DRS vCLS wtf?
vSphere 7 update 1 presents – the vCLS (vSphere Clustering Services) appliances which take care of, well, clustering services. They are now an integral bit of how DRS (and HA) works, if turned on. The catch seems to be disconnecting these functions from vCenter, where this functionality was previously integrated.
As smarter people (namely Niels Hagoort here, and Duncan Epping at Yellow-Bricks) have said – this allows for DRS and HA to work properly even if vCenter itself is down.
Both of the links above do a great job of explaining the how and why. I’ve met with some issues, and I thought I’d discuss them here.
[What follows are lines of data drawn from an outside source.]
Lemma is_derive_hermite_fun' k x :
  is_derive (hermite_fun' k) x ((x ^ 2 / 4 - 1 / 2 - INR k) * hermite_fun k x).
Proof.
  unfold hermite_fun, hermite_fun'. auto_derive.
  - repeat split; eexists; apply is_derive_He.
  - rewrite (is_derive_unique (fun y : R => He (pred k) y) _ _ (is_derive_He (pred k) x)),
      (is_derive_unique (fun y : R => He k y) _ _ (is_derive_He k x)).
    replace (x * (x * 1) * / 4) with (x ^ 2 / 4) by (unfold Rdiv; ring).
    rewrite Rmult_1_l, He_hermite_equation. field.
Qed.

Fixpoint odd_dfact (m : nat) : R :=
  match m with O => 1 | S m' => INR (2 * m' + 1) * odd_dfact m' end.

Lemma odd_dfact_pos m : 0 < odd_dfact m.
Proof.
  induction m as [|m IH]; cbn [odd_dfact]; [lra|].
  apply Rmult_lt_0_compat; [apply lt_0_INR; lia|exact IH].
Qed.

Lemma He_even_0 m : He (2 * m) 0 = (-1) ^ m * odd_dfact m.
Proof.
  induction m as [|m IH]; [cbn; ring|].
  replace (2 * S m)%nat with (S (S (2 * m))) by lia.
  rewrite He_S. cbn [pred]. rewrite IH. replace (S (2 * m)) with (2 * m + 1)%nat by lia.
  cbn [odd_dfact pow]. ring.
Qed.

Lemma He_odd_0 m : He (2 * m + 1) 0 = 0.
Proof.
  induction m as [|m IH]; [cbn; ring|].
  replace (2 * S m + 1)%nat with (S (S (2 * m + 1))) by lia.
  rewrite He_S. cbn [pred]. rewrite IH. ring.
Qed.

(** * Wallis integrals *)

Definition wallis (n : nat) : R := RInt (fun x => sin x ^ n) 0 (PI / 2).

Lemma continuous_sin_pow n x : continuous (fun y => sin y ^ n) x.
Proof. apply (@ex_derive_continuous R_AbsRing R_NormedModule). auto_derive. auto. Qed.

Lemma ex_RInt_sin_pow n : ex_RInt (fun x => sin x ^ n) 0 (PI / 2).
Proof. apply (@ex_RInt_continuous R_CompleteNormedModule). intros x _. apply continuous_sin_pow. Qed.

Lemma wallis_0 : wallis 0 = PI / 2.
Proof. unfold wallis. cbn [pow]. rewrite RInt_const. cbn. unfold mult; cbn. ring. Qed.

Lemma wallis_1 : wallis 1 = 1.
Proof.
  unfold wallis. apply is_RInt_unique.
  replace 1 with (minus (- cos (PI / 2)) (- cos 0))
    by (rewrite cos_PI2, cos_0; unfold minus, plus, opp; cbn; ring).
  apply (is_RInt_ext sin); [intros x _; symmetry; apply pow_1|].
  apply (@is_RInt_derive R_CompleteNormedModule (fun x => - cos x)).
  - intros x _. auto_derive; auto. ring.
  - intros x _. apply continuity_pt_filterlim, continuity_sin.
Qed.

(* Integration by parts against [sin^(n+1) cos], using [cos^2 = 1 - sin^2]. *)
Lemma wallis_rec n : INR (n + 2) * wallis (n + 2) = INR (n + 1) * wallis n.
Proof.
  set (f := fun x => INR (n + 2) * sin x ^ (n + 2) - INR (n + 1) * sin x ^ n).
  set (F := fun x => - (sin x ^ (n + 1) * cos x)).
  assert (Hparts : is_RInt f 0 (PI / 2) (minus (F (PI / 2)) (F 0))).
  { apply (@is_RInt_derive R_CompleteNormedModule).
    - intros x _. unfold F. auto_derive; auto. unfold f.
      replace (n + 2)%nat with (S (S n)) by lia. replace (n + 1)%nat with (S n) by lia.
      rewrite !S_INR. cbn [pow pred]. pose proof (sin2_cos2 x) as Hsc. unfold Rsqr in Hsc.
      apply Rminus_diag_uniq.
      transitivity (- (INR n + 1) * sin x ^ n * (sin x * sin x + cos x * cos x - 1)); [ring|].
      rewrite Hsc. ring.
    - intros x _. apply (@ex_derive_continuous R_AbsRing R_NormedModule). unfold f. auto_derive. auto. }
  assert (HF : minus (F (PI / 2)) (F 0) = 0).
  { unfold F. rewrite cos_PI2, sin_0, pow_i by lia. unfold minus, plus, opp; cbn. ring. }
  assert (Hlin : is_RInt f 0 (PI / 2) (INR (n + 2) * wallis (n + 2) - INR (n + 1) * wallis n)).
  { unfold wallis. apply (@is_RInt_minus R_NormedModule);
      apply (@is_RInt_scal R_NormedModule), (@RInt_correct R_CompleteNormedModule), ex_RInt_sin_pow. }
  pose proof (is_RInt_unique _ _ _ _ Hparts). pose proof (is_RInt_unique _ _ _ _ Hlin). lra.
Qed.

Lemma wallis_succ_le n : wallis (S n) <= wallis n.
Proof.
  unfold wallis. pose proof PI_RGT_0.
  apply RInt_le; [lra|apply ex_RInt_sin_pow|apply ex_RInt_sin_pow|].
  intros x Hx. cbn [pow].
  assert (0 <= sin x) by (apply sin_ge_0; lra).
  assert (0 <= sin x ^ n) by (apply pow_le; lra).
  pose proof (SIN_bound x). nra.
Qed.

Lemma wallis_pos n : 0 < wallis n.
Proof.
  unfold wallis. pose proof PI_RGT_0.
  apply RInt_gt_0; [lra| |intros x _; apply continuous_sin_pow].
  intros x Hx. apply pow_lt, sin_gt_0; lra.
Qed.

Lemma wallis_mul_succ n : INR (n + 1) * wallis (n + 1) * wallis n = PI / 2.
Proof.
  induction n as [|n IH].
  - cbn [Nat.add]. rewrite wallis_0, wallis_1. cbn. ring.
  - replace (S n + 1)%nat with (n + 2)%nat by lia. replace (S n) with (n + 1)%nat by lia.
    rewrite wallis_rec, <- IH. ring.
Qed.

Lemma wallis_even_sq_bounds m :
  PI / (2 * INR (2 * m + 1)) <= wallis (2 * m) ^ 2 <= PI * (INR (2 * m + 1) + 1) / (2 * INR (2 * m + 1) ^ 2).
Proof.
  set (d := INR (2 * m + 1)).
  assert (Hd : 0 < d) by (apply lt_0_INR; lia).
  assert (Hd1 : INR (2 * m + 2) = d + 1) by (unfold d; rewrite <- S_INR; f_equal; lia).
  pose proof (wallis_mul_succ (2 * m)) as Hprod. fold d in Hprod.
  pose proof (wallis_pos (2 * m)) as Hpos.
  pose proof (wallis_succ_le (2 * m)) as Hle1. replace (S (2 * m)) with (2 * m + 1)%nat in Hle1 by lia.
  pose proof (wallis_succ_le (2 * m + 1)) as Hle2.
  replace (S (2 * m + 1)) with (2 * m + 2)%nat in Hle2 by lia.
  pose proof (wallis_rec (2 * m)) as Hrec. rewrite Hd1 in Hrec. fold d in Hrec.
  set (w0 := wallis (2 * m)) in *. set (w1 := wallis (2 * m + 1)) in *.
  assert (Hw1 : d * w0 <= (d + 1) * w1).
  { rewrite <- Hrec. apply Rmult_le_compat_l; lra. }
  split.
  - apply (Rmult_le_reg_l d); [exact Hd|].
    replace (d * (PI / (2 * d))) with (PI / 2) by (field; lra). rewrite <- Hprod.
    assert (d * w0 * w1 <= d * w0 * w0) by (apply Rmult_le_compat_l; nra). nra.
  - apply (Rmult_le_reg_l (2 * d ^ 2)); [nra|].
    replace (2 * d ^ 2 * (PI * (d + 1) / (2 * d ^ 2))) with ((d + 1) * (2 * (PI / 2))) by (field; lra).
    rewrite <- Hprod.
    assert (d * w0 * w0 <= (d + 1) * w1 * w0) by (apply Rmult_le_compat_r; lra). nra.
Qed.

Lemma fact_mul_wallis_even m :
  INR (fact (2 * m + 1)) * wallis (2 * m) = PI / 2 * INR (2 * m + 1) * odd_dfact m ^ 2.
Proof.
  induction m as [|m IH]; [cbn -[wallis]; rewrite wallis_0; ring|].
  replace (2 * S m + 1)%nat with (S (S (2 * m + 1))) by lia.
  replace (2 * S m)%nat with (2 * m + 2)%nat by lia.
  cbn [fact odd_dfact]. rewrite !mult_INR.
  replace (INR (S (S (2 * m + 1)))) with (INR (2 * m + 1) + 2) by (rewrite !S_INR; ring).
  replace (INR (S (2 * m + 1))) with (INR (2 * m + 2)) by (f_equal; lia).
  transitivity ((INR (2 * m + 1) + 2) * INR (fact (2 * m + 1)) * (INR (2 * m + 2) * wallis (2 * m + 2)));
    [ring|].
  rewrite wallis_rec.
  transitivity ((INR (2 * m + 1) + 2) * INR (2 * m + 1) * (INR (fact (2 * m + 1)) * wallis (2 * m)));
    [ring|].
  rewrite IH. ring.
Qed.

(** * The normalising constant *)

Lemma Rpower_quarter_pow4 x : 0 < x -> Rpower x (1 / 4) ^ 4 = x.
Proof.
  intro Hx. rewrite <- Rpower_pow by apply exp_pos.
  rewrite Rpower_mult. replace (1 / 4 * INR 4) with 1 by (cbn; field). apply Rpower_1, Hx.
Qed.

Definition hermite_scale (d : nat) : R :=
  / (sqrt (INR (fact d)) * Rpower (2 / (PI * INR d)) (1 / 4)).

Lemma hermite_scale_pow4 m :
  (hermite_scale (2 * m + 1) * INR (2 * m + 1) * odd_dfact m) ^ 4
  = 2 * INR (2 * m + 1) ^ 3 / PI * wallis (2 * m) ^ 2.
Proof.
  pose proof (fact_mul_wallis_even m) as Hfw.
  set (d := INR (2 * m + 1)) in *. set (F := INR (fact (2 * m + 1))) in *.
  assert (Hd : 0 < d) by (apply lt_0_INR; lia).
  assert (HF : 0 < F) by apply INR_fact_lt_0.
  pose proof PI_RGT_0 as Hpi.
  assert (Hsqrt : sqrt F ^ 2 = F) by (rewrite <- Rsqr_pow2; apply Rsqr_sqrt; lra).
  assert (HP : Rpower (2 / (PI * d)) (1 / 4) ^ 4 = 2 / (PI * d))
    by (apply Rpower_quarter_pow4; apply Rdiv_lt_0_compat; nra).
  assert (HP0 : 0 < Rpower (2 / (PI * d)) (1 / 4)) by apply exp_pos.
  assert (Hs0 : 0 < sqrt F) by (apply sqrt_lt_R0; lra).
  unfold hermite_scale. fold d F.
  set (P := Rpower (2 / (PI * d)) (1 / 4)) in *.
  replace ((/ (sqrt F * P) * d * odd_dfact m) ^ 4)
    with (d ^ 4 * (odd_dfact m ^ 2) ^ 2 / ((sqrt F ^ 2) ^ 2 * P ^ 4)) by (field; lra).
  rewrite Hsqrt, HP.
  assert (Hw2 : odd_dfact m ^ 2 = 2 * F * wallis (2 * m) / (PI * d)).
  { apply (Rmult_eq_reg_l (PI / 2 * d)); [rewrite <- Hfw; field; lra|nra]. }
  rewrite Hw2. field. lra.
Qed.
My home lab consists of networked storage in the form of an iSCSI/NAS box, and two physical VMware hosts (12th gen Dell servers). On top of that, I run vSphere 7 Update 1a. After installing U1, the vCLS appliances get immediately installed (I have/had DRS enabled, and set to fully automated). All of the instructions say that you shouldn’t really have to touch the vCLS VMs. So I did as I was told and did some maintenance on one of my hosts. Placing a host in maintenance, when you have DRS on fully automated means your running VMs get transferred to other hosts in the cluster. This happened, and the host was in maint. Both of the vCLS appliances were running on the other host. All fine and dandy!
As a refresher: According to documentation, you ought to have a max of 3 vCLS running in a cluster. Or less if you are running a smaller cluster, like I am. A single host cluster should have one, and a two host cluster should have two. My initial guess was, placing one host in maint, would result in there temporarily being one vCLS only, but I guess moving it to the other host was another option. Maybe it’d go back once the host comes out of maint?
Another thing of note: I have a single datastore serving both hosts. So shared storage.
But lo and behold, after my second host comes out of maintenance mode, a new vCLS gets deployed! I now have three! Two on one host, one on the other. At this point I wanted to see what would happen if I deleted one of the “extra” vCLS VMs. Of course, this isn’t allowed on a powered off VM, so I power it down, and try to delete it. Just as my mouse cursor hovers on the delete from datastore button, the VM powers on, and I can’t delete it. You have to be very quick to do this thing which isn’t recommended in the first place!
Okay, be quicker this time. I managed to delete the “extra” VM, but just at it was done, another one was deployed. This one called vCLS (4). I found no way to get back to the two VM default. Not without retreat mode.
Retreat mode is a way to get the vCLS VMs cleaned up, and start all over if you so choose. And I chose. To get the cluster into retreat mode, you need the domain cluster ID. You get this from looking at your vCenter URL when you have the cluster selected:
In my case “8”. You need this value for the next step. Select the vCenter, go to Configuration -> Advanced settings and add or edit the value:
This value is True for a cluster where vCLS is running, and False for when we place it in retreat mode (i.e. clean things up).
When you hit Ok, you’re now going to be placed into retreat mode. In this mode, all vCLS VMs are shut down and removed.
In any case, this cleans up the VMs, and when I turn vCLS on again, two vCLS are deployed – one on each host as expected:
I think I even got into a situation where I had four of the damned things at one point but I don’t have a screenshot of that so it’ll have to remain a rumor.
So summary time. If you end up with more than the documented amount of vCLS VMs, go into retreat mode, then back to normal functionality and it should deploy the correct amount. As for how maintenance mode should be done so the vCLS’s don’t multiply, I need to read up more on this, and try things out. Or find out what makes my lab so darned different as to prompt this behavior.